Mina Fink, meanwhile, had raised a corps of some 900 female volunteers she dubbed “my army”, which assembled relief packages for Jewish survivors in Europe. And she took a personal interest in the new arrivals, especially young orphans. Understanding personally what it meant to be an orphaned child, she arranged picnics and parties for these children, sometimes at the Finks’ seaside holiday house.

In the 1950s, as professional social workers became more common in Jewish welfare, she turned to another passion. In 1957, Mina became the first European-born head of NCJWA (Victoria). As national president in 1967-73, she pioneered projects in Israel. In 1987, she was elected as an honorary executive member of the International Council of Jewish Women.

Leo and Mina visited Israel numerous times. In 1963, his textiles venture in Ashdod became the first of its kind in Israel by an Australian businessman.

In later years, inspired by Melbourne survivor Sheva Glas-Wiener’s harrowing story of how she looked after Jewish girls at the Marysin orphanage in the Lodz ghetto, published as Children of the Ghetto, Mina became a major donor and passionate fundraiser for the Jewish Holocaust Centre (JHC) in Melbourne, which opened in 1984.
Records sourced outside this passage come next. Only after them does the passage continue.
Lemma MAJORITY_all_positive n : INR n <= MAJORITY n (all_positive n).
Proof.
  unfold MAJORITY, wmajority, all_positive. rewrite comb_leaves.
  change (fold_right _ 0 ?s) with (sumR (fun i => (let cp := count_lit i true
      (map (fun i => Lit i true) (seq 0 n)) in let cn := count_lit i false
      (map (fun i => Lit i true) (seq 0 n)) in
      if Nat.leb 1 cp && Nat.leb cn cp then 1 else 0)) s).
  rewrite (sumR_ext _ (fun _ => 1)), sumR_const, length_seq; [lra|].
  intros i Hi. cbv zeta.
  assert (Hneg : count_lit i false (map (fun i => Lit i true) (seq 0 n)) = 0%nat).
  { unfold count_lit. rewrite filter_map_swap. simpl.
    now rewrite (filter_ext _ (fun _ => false)), filter_false
      by (intros; apply andb_false_r). }
  assert (Hpos : (1 <= count_lit i true (map (fun i => Lit i true) (seq 0 n)))%nat).
  { unfold count_lit. destruct (filter _ _) eqn:Ef; simpl; [|lia].
    assert (Hin : In (Lit i true) (filter (fun y => Nat.eqb (lidx y) i && Bool.eqb (lpos y) true)
                               (map (fun i => Lit i true) (seq 0 n))))
      by (apply filter_In; split;
          [apply (in_map (fun j => Lit j true)); auto|simpl; now rewrite Nat.eqb_refl]).
    rewrite Ef in Hin; destruct Hin. }
  rewrite Hneg. apply Nat.leb_le in Hpos. now rewrite Hpos.
Qed.

Lemma optimal_no_missing n (F : tree -> R) :
  (exists Y, valid n Y /\ INR n <= F Y) ->
  (forall X, valid n X -> F X + INR (missing n X) <= INR n) ->
  forall X, optb n F X = true -> missing n X = 0%nat.
Proof.
  intros [Y [HY HFY]] Hbound X Hopt. unfold optb in Hopt.
  destruct (excluded_middle_informative (optimal n F X)) as [[Hv [Hmax _]]|];
    [|discriminate].
  pose proof (Hmax Y HY). pose proof (Hbound X Hv). pose proof (pos_INR (missing n X)).
  apply INR_eq. simpl. lra.
Qed.

Lemma time_lower_bound n (F : tree -> R) : (1 <= n)%nat ->
  (forall X, optb n F X = true -> missing n X = 0%nat) ->
  expected_time_ge n F None (INR n * ln (INR n)).
Proof.
  intros Hn Hopt. pose proof (pos_INR n).
  apply (drift_lower_bound n F None (potential n)); auto.
  - intros X HX. unfold potential. rewrite (Hopt X HX). simpl. lra.
  - intros X. unfold potential. rewrite missing_empty.
    pose proof (harmonic_mono _ _ (missing_le n X)). nra.
  - intros X _. now apply potential_drift.
  - unfold potential. rewrite missing_empty.
    assert (ln (INR n) <= harmonic n).
    { eapply Rle_trans; [|apply ln_le_harmonic]. rewrite S_INR.
      left. apply ln_increasing; [apply lt_0_INR; lia|lra]. }
    pose proof (harmonic_mono 0 n (Nat.le_0_l n)). simpl harmonic in *. nra.
Qed.

Theorem theorem1 :
  (exists c, 0 < c /\ exists n0 : nat, forall n : nat, (1 <= n)%nat -> (n0 <= n)%nat ->
     expected_time_ge n ORDER None (c * INR n * ln (INR n))) /\
  (exists c, 0 < c /\ exists n0 : nat, forall n : nat, (1 <= n)%nat -> (n0 <= n)%nat ->
     expected_time_ge n (MAJORITY n) None (c * INR n * ln (INR n))).
Proof.
  split; exists 1; split; try lra; exists 0%nat; intros n Hn _;
    rewrite Rmult_1_l; apply time_lower_bound; auto; apply optimal_no_missing.
  - exists (all_positive n). split; [apply all_positive_valid|apply ORDER_all_positive].
  - apply ORDER_bound.
  - exists (all_positive n). split; [apply all_positive_valid|apply MAJORITY_all_positive].
  - intros X _. apply MAJORITY_bound.
Qed.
“But Mina was insistent that the guides had to be professionally trained and that beyond remembrance, the museum had to carry a message to future generations, a message of tolerance and understanding,” says Taft.

Leo died in 1972 – and Mina survived him by 18 years, during which her role at the JHC flourished.

Working with a mass of documents and her notes from interviews with descendants, Taft first established a timeline of the Finks’ story. “But that was only the beginning of my research. I was intrigued by the ‘why’ of it. They had a comfortable life. What drove this couple to do the work they did? And how did they keep so much in lockstep with each other?”

Understanding that context “was the most satisfying part of the project”.

Leo and Mina Fink: For the Greater Good is published by Monash University Publishing, publishing.monash.edu. It was launched in March this year.